Cc505842.table_C02623422_2(en-us,TechNet.10).png
Table 2-2 Table Before First NF
With a design like this, you can have the following anomalies:
  • Insert How do you insert a customer without an order?
  • Update If item Bo is renamed, how do you perform an update?
  • Delete If order 3 is deleted, the data for customer 2 is lost.
  • Select How do you calculate the total quantity of bolts?
Note that only update and select anomalies deal with redundancy: they are problematic because the table contains redundant data. Insert and delete anomalies deal with incompleteness of the model. The rule for first NF is, “A table is in first normal form if all columns are atomic.” This means there can be no multi-valued columns—columns that would hold a collection such as an array or another table. First NF is somewhat redundant with the definition of a relational table or of a relation. A table is a relation if it fulfills the following conditions:
  • Values are atomic. The columns in a relational table are not a repeating group or arrays.
  • Columns are of the same kind. All values in a column come from the same domain.
  • Rows are unique. There is at least one column or set of columns, the values of which uniquely identify each row in the table.
  • The order of columns is insignificant. You can share the same table without worrying about table organization.
  • The sequence of rows is insignificant. A relational table can be retrieved in a different order and sequence.
  • Each column must have a unique name. This is required because the order of columns is not significant.

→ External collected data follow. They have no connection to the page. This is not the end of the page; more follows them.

Lemma chain_atoms X Y (s : seq Edge) : chain X s Y -> exists f : Hom X Y, atoms f = s.
Proof.
elim: s X => [|[a [X' [Z [b Hb]]]] s IH] X /=.
  by move=> <-; exists (cid X); rewrite atoms_cid.
by case=> <- /IH[c <-]; exists (ccomp b c); exact: atoms_comp_atom.
Qed.
End AtomDecomposition.

Lemma edge_finite (Sigma : finType) (C : Category) (p : Functor C (FB Sigma)) :
  finitary p -> finite_type (Edge p).
Proof.
case=> _ fin_hom.
pose of_fiber
    (x : {a : Sigma & {X : Ob C & {Y : Ob C & {f : Hom X Y | fmor p f = [:: a]}}}}) :=
  let: existT a (existT X (existT Y (exist f Hf))) := x in atom (introT eqP Hf).
apply: (finite_type_surj (h := of_fiber)).
  move=> [a [X [Y [f Hf]]]]; exists (existT _ a (existT _ X (existT _ Y (exist _ f (eqP Hf))))).
  by rewrite /= (bool_irrelevance (introT eqP (eqP Hf)) Hf).
exact: finite_type_sigma (fun a => fin_hom [:: a]).
Qed.

Section Presentation.
Variables (Sigma : eqType) (C : Category) (p : Functor C (FB Sigma)).
Hypothesis ulf_p : ULF p.
Variables (Q T : finType) (obQ : Ob C -> Q) (Qob : Q -> Ob C).
Variables (edgeT : Edge p -> T) (Tedge : T -> Edge p).
Hypotheses (obQK : cancel obQ Qob) (QobK : cancel Qob obQ).
Hypotheses (edgeTK : cancel edgeT Tedge) (TedgeK : cancel Tedge edgeT).

Definition presentation_delta (t : T) : Q * Sigma * Q :=
  (obQ (esrc (Tedge t)), elabel (Tedge t), obQ (etgt (Tedge t))).

Lemma is_path_chain X Y (s : seq (Edge p)) :
  is_path presentation_delta (obQ X) (map edgeT s) (obQ Y) <-> chain X s Y.
Proof.
elim: s X => [|e s IH] X /=; first by split=> [/eqP/(can_inj obQK)|->].
rewrite /tsrc /ttgt /presentation_delta /= edgeTK -IH.
by split=> [/andP[/eqP/(can_inj obQK)]|[->]] -> //; rewrite eqxx.
Qed.

Definition presentation_mor X Y (f : Hom X Y) :
    @Hom (FreeAut presentation_delta) (obQ X) (obQ Y) :=
  exist _ (map edgeT (atoms ulf_p f)) ((is_path_chain _ _ _).2 (atoms_chain ulf_p f)).

Lemma presentation_id X : presentation_mor (cid X) = @cid (FreeAut presentation_delta) (obQ X).
Proof. by apply: fpath_eq; rewrite /= atoms_cid. Qed.

Lemma presentation_comp X Y Z (f : Hom X Y) (g : Hom Y Z) :
  presentation_mor (ccomp f g) = ccomp (presentation_mor f) (presentation_mor g).
Proof. by apply: fpath_eq; rewrite /= atoms_comp map_cat. Qed.

Definition presentation : Functor C (FreeAut presentation_delta) :=
  Build_Functor presentation_id presentation_comp.

Lemma presentation_iso : isomorphism presentation.
Proof.
split=> [|X Y]; first exact: Bijective obQK QobK.
apply: bij_of_inj_surj => [f g /(congr1 (map Tedge \o sval))|[s Hs]].
  by rewrite /= !(mapK edgeTK); apply: atoms_inj.
have /is_path_chain/chain_atoms[f Ef] :
    is_path presentation_delta (obQ X) (map edgeT (map Tedge s)) (obQ Y).
  by rewrite (mapK TedgeK).
by exists f; apply: fpath_eq; rewrite /= Ef (mapK TedgeK).
Qed.

Lemma presentation_label X Y (f : Hom X Y) :
  fmor (AutFunctor presentation_delta) (fmor presentation f) = fmor p f.
Proof.
rewrite /= /aut_mor /= -map_comp -[RHS](map_elabel_atoms ulf_p f).
by apply: eq_map => e /=; rewrite /tlbl /presentation_delta /= edgeTK.
Qed.
End Presentation.

Theorem mainTheorem3 (Sigma : finType) (C : Category) (p : Functor C (FB Sigma)) :
  (ULF p /\ finitary p) <->
  exists (Q T : finType) (delta : T -> Q * Sigma * Q)
         (F : Functor C (FreeAut delta)),
    isomorphism F /\
    forall (X Y : Ob C) (f : Hom X Y), fmor (AutFunctor delta) (fmor F f) = fmor p f.
Proof.
split=> [[ulf_p fin_p]|[Q [T [delta [F [isoF labelF]]]]]].
  have fin_ob : finite_type (Ob C) by apply/(finite_type_unit_fiber (fob p) tt)/fin_p.1.
  have [Q [obQ [Qob obQK QobK]]] := finType_bij_of_finite fin_ob.
  have [T [edgeT [Tedge edgeTK TedgeK]]] := finType_bij_of_finite (edge_finite fin_p).
  exists Q, T, (presentation_delta obQ Tedge), (presentation ulf_p obQK edgeTK).
  by split; [exact: presentation_iso | exact: presentation_label].
by split; [exact: ULF_iso isoF labelF (@AutFunctor_ULF _ _ _ delta)
          | exact: finitary_iso isoF labelF (AutFunctor_finitary delta)].
Qed.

You can see in the example in Table 2-2 that the last column is multi-valued; it holds an array of items. Before starting with decomposition, let us briefly review the textual notation of a relational table. Remember the earlier example proposition, “Lubor Kollar was employed by Tail-spin Toys on March 19, 2004.” In a general form, you can write “Employee with (Name) was employed by (Company) on (EmploymentDate).” This generalized form of a proposition is a predicate. Terms in parentheses are value placeholders (entity attributes). A predicate defines the structure of a table. You can write the structure briefly as:
Employees(EmpId, EmployeeName, CompanyId, EmploymentDate) 

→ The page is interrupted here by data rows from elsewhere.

(* Let $\mathcal D$ be a distribution of $(x,y)\in\mathbb R^d\times\{-1,+1\}$ with $x$ having finite second moments, let $\lambda>0$, and let $w^*=(w_1^*,\dots,w_d^* )$ be a minimizer of $\mathcal L(w)=\mathbb E_{(x,y)\sim\mathcal D}[\max(0,1-yw^\top x)]+\frac{\lambda}{2}\|w\|_2^2$. Suppose that the coordinates of $x$ are mutually independent conditionally on $y$. If a coordinate $i$ satisfies $\mathbb E[x_i\mid y=-1]\le 0\le \mathbb E[x_i\mid y=1]$, then $w_i^*\ge 0$. If instead $\mathbb E[x_i\mid y=1]\le 0\le \mathbb E[x_i\mid y=-1]$, then $w_i^*\le 0$. *)

From HB Require Import structures.
From mathcomp Require Import all_boot all_order all_algebra.
From mathcomp Require Import all_classical all_reals all_analysis.
Set Implicit Arguments. Unset Strict Implicit. Unset Printing Implicit Defensive.
Import Order.TTheory GRing.Theory Num.Theory.
Local Open Scope classical_set_scope.
Local Open Scope ring_scope.

Definition evY {T : Type} {R : realType} (Y : T -> R) (c : R) : set T :=
  [set t | Y t = c].

Definition cond_prob {dT : measure_display} {T : measurableType dT} {R : realType}
  (P : probability T R) (Y : T -> R) (c : R) (A : set T) : R :=
  fine (P (A `&` evY Y c)) / fine (P (evY Y c)).

Definition cond_exp {dT : measure_display} {T : measurableType dT} {R : realType}
  (P : probability T R) (Z : T -> R) (Y : T -> R) (c : R) : R :=
  fine (\int[P]_(t in evY Y c) (Z t)%:E) / fine (P (evY Y c)).

(* The coordinates X_0, ..., X_{d-1} are mutually independent conditionally
   on Y = c: product rule for every family of measurable sets (taking B i = setT
   gives the product rule for every subfamily). *)
Definition cond_mutually_independent {dT : measure_display} {T : measurableType dT}
  {R : realType} (P : probability T R) (d : nat) (X : 'I_d -> T -> R)
  (Y : T -> R) (c : R) : Prop :=
  forall B : 'I_d -> set R, (forall i, measurable (B i)) ->
    cond_prob P Y c (\bigcap_(i in [set: 'I_d]) (X i @^-1` B i)) =
    \prod_(i < d) cond_prob P Y c (X i @^-1` B i).

Definition hinge_objective {dT : measure_display} {T : measurableType dT}
  {R : realType} (P : probability T R) (d : nat) (X : 'I_d -> T -> R)
  (Y : T -> R) (lambda : R) (w : 'I_d -> R) : \bar R :=
  (\int[P]_t (Num.max 0 (1 - Y t * \sum_(i < d) w i * X i t))%:E
   + (lambda / 2 * \sum_(i < d) w i ^+ 2)%:E)%E.

(* Fix a class c in {1, -1} and a coordinate i, and let w0 be w with w_i set
   to 0.  On {Y = c} the margin of w is u - c w_i X_i, where
   u = 1 - c sum_(j != i) w_j X_j is the margin of w0, and
     max(0, u) <= max(0, u - c w_i X_i) + c w_i X_i 1{u > 0}.
   The event {u > 0} lies in sigma(X_j : j != i), which by the pi-lambda theorem
   is independent of X_i given Y = c; so the correction term integrates over
   {Y = c} to c w_i E[X_i | Y = c] P(u > 0, Y = c), which is <= 0 under the sign
   hypotheses.  Hence zeroing w_i does not increase the hinge risk, while it
   strictly decreases the penalty lambda/2 |w|^2 when w_i != 0: a minimizer
   cannot have a weight of the wrong sign. *)

From HB Require Import structures.
From mathcomp Require Import all_boot all_order all_algebra.
From mathcomp Require Import all_classical all_reals all_analysis.
From mathcomp Require Import measurable_realfun ring lra.
Import Order.TTheory GRing.Theory Num.Theory.
Local Open Scope classical_set_scope.
Local Open Scope ring_scope.

Section proportional_law.
Local Open Scope ereal_scope.
Context {R : realType} {dT : measure_display} {T : measurableType dT}.

Lemma ge0_integral_mrestr (mu : {measure set T -> \bar R}) (E : set T)
    (mE : measurable E) (h : T -> \bar R) :
  measurable_fun setT h -> (forall x, 0 <= h x) ->
  \int[mrestr mu mE]_x h x = \int[mu]_(x in E) h x.
Proof.
move=> mh h0.
rewrite -(setUv E) ge0_integral_setU //; last 3 first.
- exact: measurableC.
- by rewrite setUv.
- by rewrite disj_set2E setICr.
rewrite (@eq_measure_integral _ _ _ E mu); last first.
  by move=> A mA AE; change (mu (A `&` E) = mu A); rewrite setIidl.
rewrite (@eq_measure_integral _ _ _ (~` E) mzero); last first.
  move=> A mA AE; change (mu (A `&` E) = 0).
  suff -> : A `&` E = set0 by exact: measure0.
  by apply/seteqP; split => x //= [/AE + ?].
by rewrite integral_measure_zero adde0.
Qed.

Variable mu : {finite_measure set T -> \bar R}.

Definition proportional_law (Z : T -> R) (E F : set T) :=
  forall B, measurable B ->
    mu (Z @^-1` B `&` E) * mu F = mu (Z @^-1` B `&` F) * mu E.

Lemma finite_measureE (A : set T) : measurable A -> mu A = (fine (mu A))%:E.
Proof. by move=> mA; rewrite fineK // fin_num_measure. Qed.

Lemma finite_measureM (A B : set T) : measurable A -> measurable B ->
  mu A * mu B = (fine (mu A) * fine (mu B))%:E.
Proof. by move=> mA mB; rewrite EFinM -!finite_measureE. Qed.

Section integral.
Context {Z : T -> R} {E F : set T}.
Hypotheses (mZ : measurable_fun setT Z) (mE : measurable E) (mF : measurable F)
  (hZ : proportional_law Z E F).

Underlined columns form the primary key. Actually, they form a candidate key, and a table can have multiple candidate keys. You could underline all candidate keys and double underline the primary key.
You decompose the table shown in Table 2-2 on the Items column. Every item leads to a new row, and every atomic piece of data of a single item (ProductId, ProductName, Quantity) leads to a new column. After the decomposition, you have multiple rows for a single order; therefore, you have to expand the primary key. You can compose the new primary key from the OrderId and ProductId columns. However, suppose you can allow multiple products on a single order, each time with a different discount, for example. Thus, you cannot use ProductId as part of the primary key. However, you can add the ItemId attribute and use it as a part of the new primary key. A decomposed table in first normal form would look like this:
Orders(OrderId, CustomerId, OrderDate, ItemId, ProductId, Quantity, 
ProductName)
Before moving to second NF, you have to understand a common misconception about first NF. You might have heard or read that you should not have a repeating group of columns. However, this advice is incorrect; repeating groups means you should not have a repeating group (that is, a collection) in a single column. For example, imagine this table:
Employees(EmployeeId, EmployeeName, Child1, Child2)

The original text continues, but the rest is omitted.